WHAT TO DO – Pull every line containing the word "varx" from the records.

PROVIDED RECORDS –
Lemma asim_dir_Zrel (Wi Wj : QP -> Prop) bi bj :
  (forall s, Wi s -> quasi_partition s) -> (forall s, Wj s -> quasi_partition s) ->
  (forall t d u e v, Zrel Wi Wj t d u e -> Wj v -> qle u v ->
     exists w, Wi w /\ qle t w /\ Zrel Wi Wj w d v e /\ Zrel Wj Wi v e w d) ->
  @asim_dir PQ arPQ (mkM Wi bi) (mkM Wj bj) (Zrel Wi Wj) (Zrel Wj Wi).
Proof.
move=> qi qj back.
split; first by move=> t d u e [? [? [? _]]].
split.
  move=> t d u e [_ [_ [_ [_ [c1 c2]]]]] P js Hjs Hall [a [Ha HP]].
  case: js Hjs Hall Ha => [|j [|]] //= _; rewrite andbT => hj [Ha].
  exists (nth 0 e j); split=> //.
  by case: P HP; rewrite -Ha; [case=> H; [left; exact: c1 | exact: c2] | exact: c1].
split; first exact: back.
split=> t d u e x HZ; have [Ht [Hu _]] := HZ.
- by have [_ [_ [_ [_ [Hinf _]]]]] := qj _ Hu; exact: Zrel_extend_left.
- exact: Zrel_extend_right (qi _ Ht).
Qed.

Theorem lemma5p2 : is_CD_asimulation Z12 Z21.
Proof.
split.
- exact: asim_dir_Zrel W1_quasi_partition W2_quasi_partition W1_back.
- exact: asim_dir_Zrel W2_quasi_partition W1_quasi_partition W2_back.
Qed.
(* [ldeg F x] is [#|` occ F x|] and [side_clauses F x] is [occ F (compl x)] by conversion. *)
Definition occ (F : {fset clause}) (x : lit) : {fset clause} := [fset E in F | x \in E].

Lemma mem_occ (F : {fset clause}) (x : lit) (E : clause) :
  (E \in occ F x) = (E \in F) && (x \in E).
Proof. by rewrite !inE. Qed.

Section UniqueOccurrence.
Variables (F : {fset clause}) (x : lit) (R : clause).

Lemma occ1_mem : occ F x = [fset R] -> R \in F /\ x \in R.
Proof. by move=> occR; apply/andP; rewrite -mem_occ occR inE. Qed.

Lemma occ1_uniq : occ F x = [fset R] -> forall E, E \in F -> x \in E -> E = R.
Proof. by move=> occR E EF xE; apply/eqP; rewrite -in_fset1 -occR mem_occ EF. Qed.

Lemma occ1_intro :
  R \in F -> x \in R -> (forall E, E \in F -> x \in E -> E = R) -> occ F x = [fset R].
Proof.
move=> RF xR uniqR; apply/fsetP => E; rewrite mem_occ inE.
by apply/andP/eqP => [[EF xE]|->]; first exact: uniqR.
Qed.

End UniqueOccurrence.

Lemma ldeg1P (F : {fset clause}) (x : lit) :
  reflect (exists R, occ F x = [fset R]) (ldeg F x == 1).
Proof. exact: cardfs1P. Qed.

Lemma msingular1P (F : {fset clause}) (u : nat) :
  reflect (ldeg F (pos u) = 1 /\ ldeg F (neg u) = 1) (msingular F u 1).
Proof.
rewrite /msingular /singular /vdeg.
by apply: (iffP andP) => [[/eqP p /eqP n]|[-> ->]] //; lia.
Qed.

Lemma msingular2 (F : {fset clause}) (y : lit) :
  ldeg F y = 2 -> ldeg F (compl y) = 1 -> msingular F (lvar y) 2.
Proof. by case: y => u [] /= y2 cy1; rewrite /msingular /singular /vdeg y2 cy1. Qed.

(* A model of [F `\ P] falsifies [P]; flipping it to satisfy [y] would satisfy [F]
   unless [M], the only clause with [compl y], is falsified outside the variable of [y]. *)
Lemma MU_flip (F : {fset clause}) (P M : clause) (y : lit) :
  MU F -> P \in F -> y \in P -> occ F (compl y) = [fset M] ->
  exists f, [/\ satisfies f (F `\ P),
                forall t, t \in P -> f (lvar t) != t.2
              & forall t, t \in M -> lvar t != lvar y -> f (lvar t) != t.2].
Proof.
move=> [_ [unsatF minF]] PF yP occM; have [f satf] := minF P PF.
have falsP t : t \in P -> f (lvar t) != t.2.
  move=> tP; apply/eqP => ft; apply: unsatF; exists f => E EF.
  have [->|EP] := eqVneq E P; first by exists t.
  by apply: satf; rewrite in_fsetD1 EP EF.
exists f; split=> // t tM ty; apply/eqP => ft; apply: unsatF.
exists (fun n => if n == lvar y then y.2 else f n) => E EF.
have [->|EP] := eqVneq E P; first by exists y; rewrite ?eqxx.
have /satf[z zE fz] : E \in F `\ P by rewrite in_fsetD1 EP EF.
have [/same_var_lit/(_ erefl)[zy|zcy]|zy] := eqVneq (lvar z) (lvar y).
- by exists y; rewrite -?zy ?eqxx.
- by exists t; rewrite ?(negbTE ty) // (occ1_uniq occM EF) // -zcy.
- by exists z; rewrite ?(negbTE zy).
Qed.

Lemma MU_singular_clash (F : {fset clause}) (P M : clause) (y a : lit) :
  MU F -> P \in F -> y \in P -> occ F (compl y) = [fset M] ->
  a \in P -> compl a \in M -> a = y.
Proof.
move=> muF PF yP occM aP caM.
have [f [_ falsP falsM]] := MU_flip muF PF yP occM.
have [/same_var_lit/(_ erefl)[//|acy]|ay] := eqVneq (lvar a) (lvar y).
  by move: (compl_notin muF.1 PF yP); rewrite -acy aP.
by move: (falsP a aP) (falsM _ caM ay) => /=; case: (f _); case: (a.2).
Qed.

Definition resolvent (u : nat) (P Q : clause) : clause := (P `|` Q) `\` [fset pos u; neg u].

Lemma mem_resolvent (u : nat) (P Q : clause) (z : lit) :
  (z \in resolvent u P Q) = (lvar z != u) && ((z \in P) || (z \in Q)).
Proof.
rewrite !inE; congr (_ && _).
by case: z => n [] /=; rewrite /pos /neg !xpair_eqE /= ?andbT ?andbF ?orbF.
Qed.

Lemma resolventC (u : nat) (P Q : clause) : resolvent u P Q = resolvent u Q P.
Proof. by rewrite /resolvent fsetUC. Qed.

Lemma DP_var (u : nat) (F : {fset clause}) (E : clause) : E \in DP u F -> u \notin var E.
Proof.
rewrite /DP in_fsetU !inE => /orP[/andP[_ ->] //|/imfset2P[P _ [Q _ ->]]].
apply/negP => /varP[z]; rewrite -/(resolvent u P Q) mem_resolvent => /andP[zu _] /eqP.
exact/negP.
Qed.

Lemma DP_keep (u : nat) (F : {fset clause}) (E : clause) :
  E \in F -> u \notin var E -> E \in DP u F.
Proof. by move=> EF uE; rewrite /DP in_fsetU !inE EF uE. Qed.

...

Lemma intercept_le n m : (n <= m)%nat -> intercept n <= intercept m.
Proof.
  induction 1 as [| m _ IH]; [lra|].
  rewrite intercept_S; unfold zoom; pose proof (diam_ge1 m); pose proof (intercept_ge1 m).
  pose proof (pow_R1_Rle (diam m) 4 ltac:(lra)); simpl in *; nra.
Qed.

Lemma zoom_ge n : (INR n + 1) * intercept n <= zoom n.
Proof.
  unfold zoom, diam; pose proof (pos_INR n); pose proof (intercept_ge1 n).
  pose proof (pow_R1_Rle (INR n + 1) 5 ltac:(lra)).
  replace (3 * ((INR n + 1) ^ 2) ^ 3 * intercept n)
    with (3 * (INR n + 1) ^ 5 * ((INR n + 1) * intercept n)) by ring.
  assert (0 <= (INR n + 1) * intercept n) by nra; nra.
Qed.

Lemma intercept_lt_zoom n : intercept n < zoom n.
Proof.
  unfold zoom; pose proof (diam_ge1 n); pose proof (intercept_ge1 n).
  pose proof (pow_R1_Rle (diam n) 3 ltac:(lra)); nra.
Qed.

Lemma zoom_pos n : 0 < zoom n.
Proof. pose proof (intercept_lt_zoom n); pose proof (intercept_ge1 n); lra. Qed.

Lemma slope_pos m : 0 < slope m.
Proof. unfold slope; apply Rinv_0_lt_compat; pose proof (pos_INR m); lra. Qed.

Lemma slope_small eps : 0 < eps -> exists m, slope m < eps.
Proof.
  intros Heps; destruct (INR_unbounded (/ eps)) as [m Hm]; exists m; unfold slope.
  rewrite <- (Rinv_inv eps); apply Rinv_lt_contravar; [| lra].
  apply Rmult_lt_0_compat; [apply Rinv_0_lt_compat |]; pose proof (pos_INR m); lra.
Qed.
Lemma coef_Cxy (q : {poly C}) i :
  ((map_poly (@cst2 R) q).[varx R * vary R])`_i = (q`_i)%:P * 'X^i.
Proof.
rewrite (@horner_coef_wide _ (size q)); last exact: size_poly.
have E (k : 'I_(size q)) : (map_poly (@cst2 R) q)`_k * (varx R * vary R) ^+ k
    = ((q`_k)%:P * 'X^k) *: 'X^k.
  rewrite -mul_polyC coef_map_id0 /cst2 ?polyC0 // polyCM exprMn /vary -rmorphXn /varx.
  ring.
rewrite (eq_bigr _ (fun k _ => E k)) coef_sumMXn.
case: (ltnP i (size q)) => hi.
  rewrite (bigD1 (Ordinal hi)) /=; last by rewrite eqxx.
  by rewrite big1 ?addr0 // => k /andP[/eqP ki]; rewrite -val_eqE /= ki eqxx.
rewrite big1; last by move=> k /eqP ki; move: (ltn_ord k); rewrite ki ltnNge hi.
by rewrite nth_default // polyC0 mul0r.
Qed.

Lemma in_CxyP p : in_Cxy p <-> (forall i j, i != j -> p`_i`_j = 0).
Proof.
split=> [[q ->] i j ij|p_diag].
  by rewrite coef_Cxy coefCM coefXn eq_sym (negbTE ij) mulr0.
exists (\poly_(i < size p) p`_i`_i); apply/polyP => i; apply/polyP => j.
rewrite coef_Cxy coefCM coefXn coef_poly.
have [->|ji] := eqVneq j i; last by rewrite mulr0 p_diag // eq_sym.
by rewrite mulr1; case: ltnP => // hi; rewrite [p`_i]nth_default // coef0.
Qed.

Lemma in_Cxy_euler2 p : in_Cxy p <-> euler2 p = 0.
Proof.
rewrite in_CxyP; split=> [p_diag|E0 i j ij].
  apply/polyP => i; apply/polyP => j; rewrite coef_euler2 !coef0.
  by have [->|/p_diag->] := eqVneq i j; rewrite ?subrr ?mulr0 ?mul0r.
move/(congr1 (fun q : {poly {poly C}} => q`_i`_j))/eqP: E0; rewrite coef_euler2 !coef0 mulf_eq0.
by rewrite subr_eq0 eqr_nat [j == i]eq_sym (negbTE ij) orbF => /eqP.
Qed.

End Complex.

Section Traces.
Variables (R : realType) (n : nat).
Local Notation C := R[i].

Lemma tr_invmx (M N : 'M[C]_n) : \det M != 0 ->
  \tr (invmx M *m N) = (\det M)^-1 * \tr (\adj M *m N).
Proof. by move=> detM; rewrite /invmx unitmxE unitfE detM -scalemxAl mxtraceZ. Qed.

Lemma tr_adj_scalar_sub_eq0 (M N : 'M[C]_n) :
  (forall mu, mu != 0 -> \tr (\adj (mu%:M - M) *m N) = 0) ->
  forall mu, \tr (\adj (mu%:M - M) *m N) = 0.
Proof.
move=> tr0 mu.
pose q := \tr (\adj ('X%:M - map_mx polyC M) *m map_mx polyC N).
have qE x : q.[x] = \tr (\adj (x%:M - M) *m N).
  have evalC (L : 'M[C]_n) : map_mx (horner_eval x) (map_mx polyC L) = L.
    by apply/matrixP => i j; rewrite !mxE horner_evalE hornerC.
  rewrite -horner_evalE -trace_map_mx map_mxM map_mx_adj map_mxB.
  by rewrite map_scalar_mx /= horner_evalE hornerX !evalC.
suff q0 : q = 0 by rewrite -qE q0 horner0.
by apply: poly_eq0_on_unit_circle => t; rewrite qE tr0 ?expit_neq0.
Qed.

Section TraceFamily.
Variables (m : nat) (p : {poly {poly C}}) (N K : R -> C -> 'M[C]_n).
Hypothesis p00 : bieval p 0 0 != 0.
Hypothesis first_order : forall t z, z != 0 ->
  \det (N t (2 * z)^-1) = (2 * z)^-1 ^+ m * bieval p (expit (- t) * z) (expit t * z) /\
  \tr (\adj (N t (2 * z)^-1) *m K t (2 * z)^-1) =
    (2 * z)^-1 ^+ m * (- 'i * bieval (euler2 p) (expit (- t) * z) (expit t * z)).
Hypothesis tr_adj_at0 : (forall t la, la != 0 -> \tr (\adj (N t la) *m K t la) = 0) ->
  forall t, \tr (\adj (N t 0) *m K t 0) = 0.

--

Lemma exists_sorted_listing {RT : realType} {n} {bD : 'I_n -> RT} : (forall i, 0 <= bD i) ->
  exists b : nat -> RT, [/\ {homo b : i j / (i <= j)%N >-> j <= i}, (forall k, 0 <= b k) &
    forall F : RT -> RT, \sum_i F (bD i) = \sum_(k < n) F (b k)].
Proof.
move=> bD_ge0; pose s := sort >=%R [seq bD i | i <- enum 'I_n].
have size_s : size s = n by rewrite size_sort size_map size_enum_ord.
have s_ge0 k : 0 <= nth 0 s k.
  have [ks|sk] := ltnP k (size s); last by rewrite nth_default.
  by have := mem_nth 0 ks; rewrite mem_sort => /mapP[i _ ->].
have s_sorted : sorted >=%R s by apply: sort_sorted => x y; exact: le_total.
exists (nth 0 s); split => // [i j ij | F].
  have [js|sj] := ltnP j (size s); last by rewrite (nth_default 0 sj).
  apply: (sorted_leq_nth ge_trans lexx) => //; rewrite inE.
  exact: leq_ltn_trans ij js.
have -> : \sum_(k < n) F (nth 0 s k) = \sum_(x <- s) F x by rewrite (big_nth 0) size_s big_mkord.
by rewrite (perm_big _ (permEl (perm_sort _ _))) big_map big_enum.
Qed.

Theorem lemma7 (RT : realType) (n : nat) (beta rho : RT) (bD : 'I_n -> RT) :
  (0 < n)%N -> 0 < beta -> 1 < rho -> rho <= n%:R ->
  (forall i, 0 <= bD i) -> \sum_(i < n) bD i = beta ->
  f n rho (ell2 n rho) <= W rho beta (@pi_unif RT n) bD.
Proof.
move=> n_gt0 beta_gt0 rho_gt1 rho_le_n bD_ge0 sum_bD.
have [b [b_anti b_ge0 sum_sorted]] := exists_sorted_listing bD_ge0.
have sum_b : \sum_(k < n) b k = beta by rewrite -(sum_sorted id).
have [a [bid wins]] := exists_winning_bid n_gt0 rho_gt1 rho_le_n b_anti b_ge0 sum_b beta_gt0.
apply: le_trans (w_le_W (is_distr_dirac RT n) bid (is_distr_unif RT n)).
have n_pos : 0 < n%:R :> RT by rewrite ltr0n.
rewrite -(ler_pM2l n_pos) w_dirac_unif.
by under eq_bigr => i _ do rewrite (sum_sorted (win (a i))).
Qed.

RESPONSE BELOW –
  ((map_poly (@cst2 R) q).[varx R * vary R])`_i = (q`_i)%:P * 'X^i.
have E (k : 'I_(size q)) : (map_poly (@cst2 R) q)`_k * (varx R * vary R) ^+ k
  rewrite -mul_polyC coef_map_id0 /cst2 ?polyC0 // polyCM exprMn /vary -rmorphXn /varx.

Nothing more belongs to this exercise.